The lines to return are the one containing "Local Open Scope ring_scope." and all that follow it in the entries below, duplicated exactly and nothing else.

((

Lemma schema_mean_stage i : (i <= h)%N ->
  schema_mean delta L V (stage L V i) = delta *+ i.
Proof.
move=> ih; rewrite /schema_mean sum_staircase_mean_stage //.
rewrite -[_ *+ #|_|]mulr_natr mulfK //.
rewrite pnatr_eq0 -lt0n card_gt0; apply/set0Pn; exists (stage_pattern i).
by rewrite stage_schema inE; apply/forall_inP.
Qed.

End Staircase.

Theorem mainTheorem4 (R : realFieldType) (h o l : nat) (delta : R)
  (L : 'M['I_l]_(h, o)) (V : 'M[bool]_(h, o)) (i : nat) :
  descriptor_ok delta L ->
  (1 <= i <= h)%N ->
  \sum_(xi in schema_partition (rows_positions L i) | xi != stage L V i)
      fitness_signal delta L V xi
  = - (i%:R * delta).
Proof.
move=> [_ [o_gt0 [_ [_ [_ L_inj]]]]] /andP[_ ih].
have mean_all : schema_mean delta L V [set: bstring l] = 0.
  by rewrite /schema_mean (sum_staircase_mean _ L_inj) ?mul0r.
under eq_bigr do rewrite /fitness_signal mean_all subr0.
have := sum_schema_mean_partition V L_inj delta o_gt0 (rows_positions L i).
rewrite (bigD1 (stage L V i)) /=; last first.
  rewrite (stage_schema V L_inj).
  by apply/imsetP; exists (stage_pattern L V i).
move/eqP; rewrite addrC addr_eq0 => /eqP ->.
by rewrite schema_mean_stage // mulr_natl.
Qed.
(* For every $n$ there exists a binary integer program $\mathcal{I}^*$ with $2n$ binary variables such that: (i) every branch-and-bound tree $\mathcal{T}(\mathcal{I}^* )$ solving $\mathcal{I}^*$ which has the property that, at every internal node $N$ with returned LP optimal solution $x$, the branching variable $j$ satisfies $x_j\in(0,1)$, has $|\mathcal{T}(\mathcal{I}^* )|\ge 2^{n+1}-1$; in particular every branch-and-bound tree $\mathcal{T}_S(\mathcal{I}^* )$ generated by strong-branching that solves $\mathcal{I}^*$ has $|\mathcal{T}_S(\mathcal{I}^* )|\ge 2^{n+1}-1$; and (ii) there exists a branch-and-bound tree $\mathcal{T}^*$ solving $\mathcal{I}^*$ with $|\mathcal{T}^*(\mathcal{I}^* )|\le 4n+1$.
   Context: A branch-and-bound tree for a binary program over a polytope is a rooted binary tree in which each node corresponds to the polytope intersected with constraints fixing some variables to $0$ or $1$ (those fixed on the path from the root); at each node the LP solver returns an optimal extreme point of the node LP; each internal node branches on one binary variable $z$, its children adding $z=0$ and $z=1$. The tree solves the instance if at every leaf the LP is infeasible, or its returned optimal solution is integral, or its value is no better than the best integral solution found. $|\mathcal{T}|$ is the number of nodes. Strong branching only branches on variables fractional in the returned LP solution (choosing among them by maximizing a score of the children's LP bound changes). *)

From HB Require Import structures.
From mathcomp Require Import all_boot all_order all_algebra.
Set Implicit Arguments. Unset Strict Implicit. Unset Printing Implicit Defensive.
Import Order.TTheory GRing.Theory Num.Theory.
Local Open Scope ring_scope.

(* A binary integer program  max c^T x  s.t.  A x <= b,  x in {0,1}^d.
   Its LP relaxation is  max c^T x  s.t.  A x <= b, 0 <= x <= 1.
   Points are column vectors 'cV[R]_d. *)

Section BB.
Variables (R : realFieldType) (d m : nat).
Variables (A : 'M[R]_(m, d)) (b : 'cV[R]_m) (c : 'cV[R]_d).

Definition objval (x : 'cV[R]_d) : R := \sum_(i < d) c i 0 * x i 0.
(* [psi_lo] and [psi_hi] are chosen by [epsilon]; they are the actual extrema only
   when some integer extremum exists. *)
Definition integral_extrema Q :=
  is_min_val u Q (psi_lo u Q)%:~R /\ is_max_val u Q (psi_hi u Q)%:~R.

Lemma integral_extremaP Q :
  (exists z : int, is_min_val u Q z%:~R) -> (exists z : int, is_max_val u Q z%:~R) ->
  integral_extrema Q.
Proof.
by move=> hmin hmax; split; [exact: epsilon_spec hmin | exact: epsilon_spec hmax].
Qed.

Lemma integral_extrema_nonempty Q : integral_extrema Q -> exists x, Q x.
Proof. by move=> [[[x [Qx _]] _] _]; exists x. Qed.

Lemma is_min_val_msum A B a b :
  is_min_val u A a -> is_min_val u B b -> is_min_val u (msum A B) (a + b).
Proof.
move=> [[x [Ax <-]] ha] [[y [By <-]] hb]; split.
  by exists (x + y); split; [exists x, y | rewrite psiD].
by move=> _ [x' [y' [Ax' [By' ->]]]]; rewrite psiD lerD ?ha ?hb.
Qed.

Lemma is_max_val_msum A B a b :
  is_max_val u A a -> is_max_val u B b -> is_max_val u (msum A B) (a + b).
Proof.
move=> [[x [Ax <-]] ha] [[y [By <-]] hb]; split.
  by exists (x + y); split; [exists x, y | rewrite psiD].
by move=> _ [x' [y' [Ax' [By' ->]]]]; rewrite psiD lerD ?ha ?hb.
Qed.

Lemma integral_extrema_msum A B :
  integral_extrema A -> integral_extrema B -> integral_extrema (msum A B).
Proof.
move=> [mA MA] [mB MB]; apply: integral_extremaP.
  by exists (psi_lo u A + psi_lo u B); rewrite intrD; apply: is_min_val_msum.
by exists (psi_hi u A + psi_hi u B); rewrite intrD; apply: is_max_val_msum.
Qed.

))

* ANSWER SECTION
Local Open Scope ring_scope.

(* A binary integer program  max c^T x  s.t.  A x <= b,  x in {0,1}^d.
   Its LP relaxation is  max c^T x  s.t.  A x <= b, 0 <= x <= 1.
   Points are column vectors 'cV[R]_d. *)

Section BB.
Variables (R : realFieldType) (d m : nat).
Variables (A : 'M[R]_(m, d)) (b : 'cV[R]_m) (c : 'cV[R]_d).

Definition objval (x : 'cV[R]_d) : R := \sum_(i < d) c i 0 * x i 0.
(* [psi_lo] and [psi_hi] are chosen by [epsilon]; they are the actual extrema only
   when some integer extremum exists. *)
Definition integral_extrema Q :=
  is_min_val u Q (psi_lo u Q)%:~R /\ is_max_val u Q (psi_hi u Q)%:~R.

Lemma integral_extremaP Q :
  (exists z : int, is_min_val u Q z%:~R) -> (exists z : int, is_max_val u Q z%:~R) ->
  integral_extrema Q.
Proof.
by move=> hmin hmax; split; [exact: epsilon_spec hmin | exact: epsilon_spec hmax].
Qed.

Lemma integral_extrema_nonempty Q : integral_extrema Q -> exists x, Q x.
Proof. by move=> [[[x [Qx _]] _] _]; exists x. Qed.

Lemma is_min_val_msum A B a b :
  is_min_val u A a -> is_min_val u B b -> is_min_val u (msum A B) (a + b).
Proof.
move=> [[x [Ax <-]] ha] [[y [By <-]] hb]; split.
  by exists (x + y); split; [exists x, y | rewrite psiD].
by move=> _ [x' [y' [Ax' [By' ->]]]]; rewrite psiD lerD ?ha ?hb.
Qed.

Lemma is_max_val_msum A B a b :
  is_max_val u A a -> is_max_val u B b -> is_max_val u (msum A B) (a + b).
Proof.
move=> [[x [Ax <-]] ha] [[y [By <-]] hb]; split.
  by exists (x + y); split; [exists x, y | rewrite psiD].
by move=> _ [x' [y' [Ax' [By' ->]]]]; rewrite psiD lerD ?ha ?hb.
Qed.

Lemma integral_extrema_msum A B :
  integral_extrema A -> integral_extrema B -> integral_extrema (msum A B).
Proof.
move=> [mA MA] [mB MB]; apply: integral_extremaP.
  by exists (psi_lo u A + psi_lo u B); rewrite intrD; apply: is_min_val_msum.
by exists (psi_hi u A + psi_hi u B); rewrite intrD; apply: is_max_val_msum.
Qed.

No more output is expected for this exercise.